Use the psql command to test connectivity to the PostgreSQL database.

Note	To verify that you can access the service remotely, run the following command on a remote system.

# psql -h localhost quaydb quayuser

Example output

Password for user test:
psql (9.2.23, server 9.6.5)
WARNING: psql version 9.2, server version 9.6.
         Some psql features might not work.
Type "help" for help.

test=> \q

Set Up Ceph

For this Project Quay configuration, we create a three-node Ceph cluster, with several other supporting nodes, as follows:

ceph01, ceph02, and ceph03 - Ceph Monitor, Ceph Manager and Ceph OSD nodes
ceph04 - Ceph RGW node
ceph05 - Ceph Ansible administration node

For details on installing Ceph nodes, see Installing Red Hat Ceph Storage on Red Hat Enterprise Linux.
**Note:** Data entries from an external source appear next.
(* Let $W$ be a binary symmetric channel (equivalently, a symmetric binary-input channel with $S_1=0$ self-symmetric and $S_2=2$ non-self-symmetric output symbols), $N=2^n$, and let $a$ be a power of $2$ with $a\le N/2$. For $i=N-a$, the number $n_c(N,i,0,2)$ of distinct values of $W_N^{(i)}(\mathbf{y})$ as $\mathbf{y}$ ranges over $\mathbb{F}_2^N$ equals $$n_c(N,i,0,2)=\binom{a+\frac{N}{2a}}{\frac{N}{2a}}.$$
   Context: $G_N=F^{\otimes n}$ with $F=\begin{pmatrix}1&0\\1&1\end{pmatrix}$ over $\mathbb{F}_2$; $A(N,i)$ is the submatrix of rows $i+1,\dots,N$ of $G_N$. For a BSC with crossover probability $p$, $W^N(\mathbf{y}|\mathbf{x})=\prod_j W(y_j|x_j)$, and $W_N^{(i)}(\mathbf{y})=\frac{1}{2^{N-1}}\sum_{\mathbf{c}\in\mathrm{row}(A(N,i))}W^N(\mathbf{y}|\mathbf{c})$. *)

From mathcomp Require Import all_boot all_order all_algebra.
From mathcomp Require Import mxtens.
Set Implicit Arguments. Unset Strict Implicit. Unset Printing Implicit Defensive.
Import Order.TTheory GRing.Theory Num.Theory.
Local Open Scope ring_scope.

Definition Fker : 'M['F_2]_2 := \matrix_(i < 2, j < 2) (if (j <= i)%N then 1 else 0).

Fixpoint Gpolar (n : nat) : 'M['F_2]_(2 ^ n) :=
  match n return 'M['F_2]_(2 ^ n) with
  | 0 => 1%:M
  | n'.+1 => castmx (esym (expnS 2 n'), esym (expnS 2 n')) (Fker *t Gpolar n')
  end.

(* A(N,i): rows i+1,...,N (1-indexed) of G_N, i.e. rows i,...,N-1 (0-indexed). *)
Lemma Asub_idx_proof (N i : nat) (k : 'I_(N - i)) : (i + k < N)%N.
Proof. by case: k => k /= Hk; rewrite -ltn_subRL. Qed.

Definition Asub_idx (N i : nat) (k : 'I_(N - i)) : 'I_N :=
  Ordinal (Asub_idx_proof k).

Definition Asub (n i : nat) : 'M['F_2]_(2 ^ n - i, 2 ^ n) :=
  \matrix_(k < 2 ^ n - i, j < 2 ^ n) Gpolar n (Asub_idx k) j.

(* BSC transition probability W(y|x) with crossover probability p, where p
   is kept as a formal indeterminate: an element of {poly rat} in 'X = p. *)
Definition Wbsc (y x : 'F_2) : {poly rat} := if y == x then 1 - 'X else 'X.

Definition WN (N : nat) (y c : 'rV['F_2]_N) : {poly rat} :=
  \prod_(j < N) Wbsc (y ord0 j) (c ord0 j).

Definition Wsplit (n i : nat) (y : 'rV['F_2]_(2 ^ n)) : {poly rat} :=
  ((2 ^ (2 ^ n - 1))%:R : rat)^-1 *:
    \sum_(c : 'rV['F_2]_(2 ^ n) | (c <= Asub n i)%MS) WN y c.

Arguments Wsplit : clear implicits.

Definition nc (n i : nat) : nat :=
  size (undup [seq Wsplit n i y | y <- enum 'rV['F_2]_(2 ^ n)]).
Lemma not_semiregularP (Z : Type) (K : set (Z -> Z)) : ~ semiregular K ->
  exists2 k, K k & exists z0 z1, k z0 = z0 /\ k z1 <> z1.
Proof.
move=> nSK; apply: contrapT => noK; apply: nSK => k Kk z kz; apply/funext => z1.
by apply: contrapT => kz1; apply: noK; exists k => //; exists z, z1.
Qed.

Lemma uncountable_nat_bool : ~ countable [set: nat -> bool].
Proof.
move=> /countable_injP[f f_inj].
pose g n : nat -> bool :=
  if pselect (exists b, f b = n) is left H then projT1 (cid H) else xpredT.
have gK b : g (f b) = b.
  rewrite /g; case: pselect => [H|[]]; last by exists b.
  by case: cid => b' /= /f_inj; apply; rewrite inE.
pose d n := ~~ g n n.
by have /(congr1 (@^~ (f d))) := gK d; rewrite /d; case: (g _ _).
Qed.

Section BoxProductCardinality.
Variables (X Y : countType) (V : Type) (adj : V -> V -> Prop) (inX : V -> bool)
  (c : V -> V -> X + Y) (M : set (X -> X)) (N : set (Y -> Y)).

Lemma box_product_le_continuum (f : V -> nat) : injective f ->
  box_product adj inX c M N #<= [set: nat -> bool].
Proof.
move=> f_inj; apply/pcard_injP.
exists (fun h n => `[< exists v : VY inX, pickle (f (sval v), f (sval (h v))) = n >]).
move=> h h' _ _ E; apply/funext => v; apply: val_inj.
have := congr1 (@^~ (pickle (f (sval v), f (sval (h v))))) E.
rewrite (_ : `[< _ >] = true) /=; last by apply/asboolP; exists v.
move=> /esym /asboolP[v' /(pcan_inj pickleK)[/f_inj /val_inj -> /f_inj]] //.
Qed.

Definition restrict_VY (g : V -> V) (v : VY inX) : VY inX :=
  if pselect (~~ inX (g (sval v))) is left H then exist _ (g (sval v)) H else v.

Lemma restrict_VYE g : (forall v, inX (g v) = inX v) ->
  forall v, sval (restrict_VY g v) = g (sval v).
Proof.
move=> side v; rewrite /restrict_VY; case: pselect => // -[].
by rewrite side; apply: (svalP v).
Qed.

Lemma continuum_le_box_product_of_family (G : (nat -> bool) -> V -> V) :
  (forall bb, U_c adj inX c M N (G bb)) ->
  (forall bb bb', bb <> bb' -> exists v, ~~ inX v /\ G bb v <> G bb' v) ->
  [set: nat -> bool] #<= box_product adj inX c M N.
Proof.
move=> UG G_inj; have side bb : forall v, inX (G bb v) = inX v by case: (UG bb).
pose F bb := restrict_VY (G bb).
have F_inj : {in [set: nat -> bool] &, injective F}.
  move=> bb bb' _ _ E; apply: contrapT => /G_inj[v [vY]]; apply.
  have := congr1 (fun h => sval (h (exist _ v vY))) E.
  by rewrite /F /= !restrict_VYE.
have F_box : F @` [set: nat -> bool] `<=` box_product adj inX c M N.
  by move=> h [bb _ <-]; exists (G bb) => // v; rewrite /F restrict_VYE.
apply: card_le_trans (subset_card_le F_box).
by have /card_eqPle[] := card_esym (inj_card_eq F_inj).
Qed.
Once you have set up the Ceph storage cluster, create a Ceph Object Gateway (also referred to as a RADOS gateway). See Installing the Ceph Object Gateway for details.

Install each Ceph node

On ceph01, ceph02, ceph03, ceph04, and ceph05, do the following:

Review prerequisites for setting up Ceph nodes in Requirements for Installing Red Hat Ceph Storage. In particular:
- Decide if you want to use RAID controllers on OSD nodes.
- Decide if you want a separate cluster network for your Ceph Network Configuration.
Prepare OSD storage (ceph01, ceph02, and ceph03 only). Set up the OSD storage on the three OSD nodes (ceph01, ceph02, and ceph03). See OSD Ansible Settings in Table 3.2 for details on supported storage types that you will enter into your Ansible configuration later. For this example, a single, unformatted block device (/dev/sdb), that is separate from the operating system, is configured on each of the OSD nodes. If you are installing on metal, you might want to add an extra hard drive to the machine for this purpose.
Install Red Hat Enterprise Linux Server edition, as described in the RHEL 7 Installation Guide.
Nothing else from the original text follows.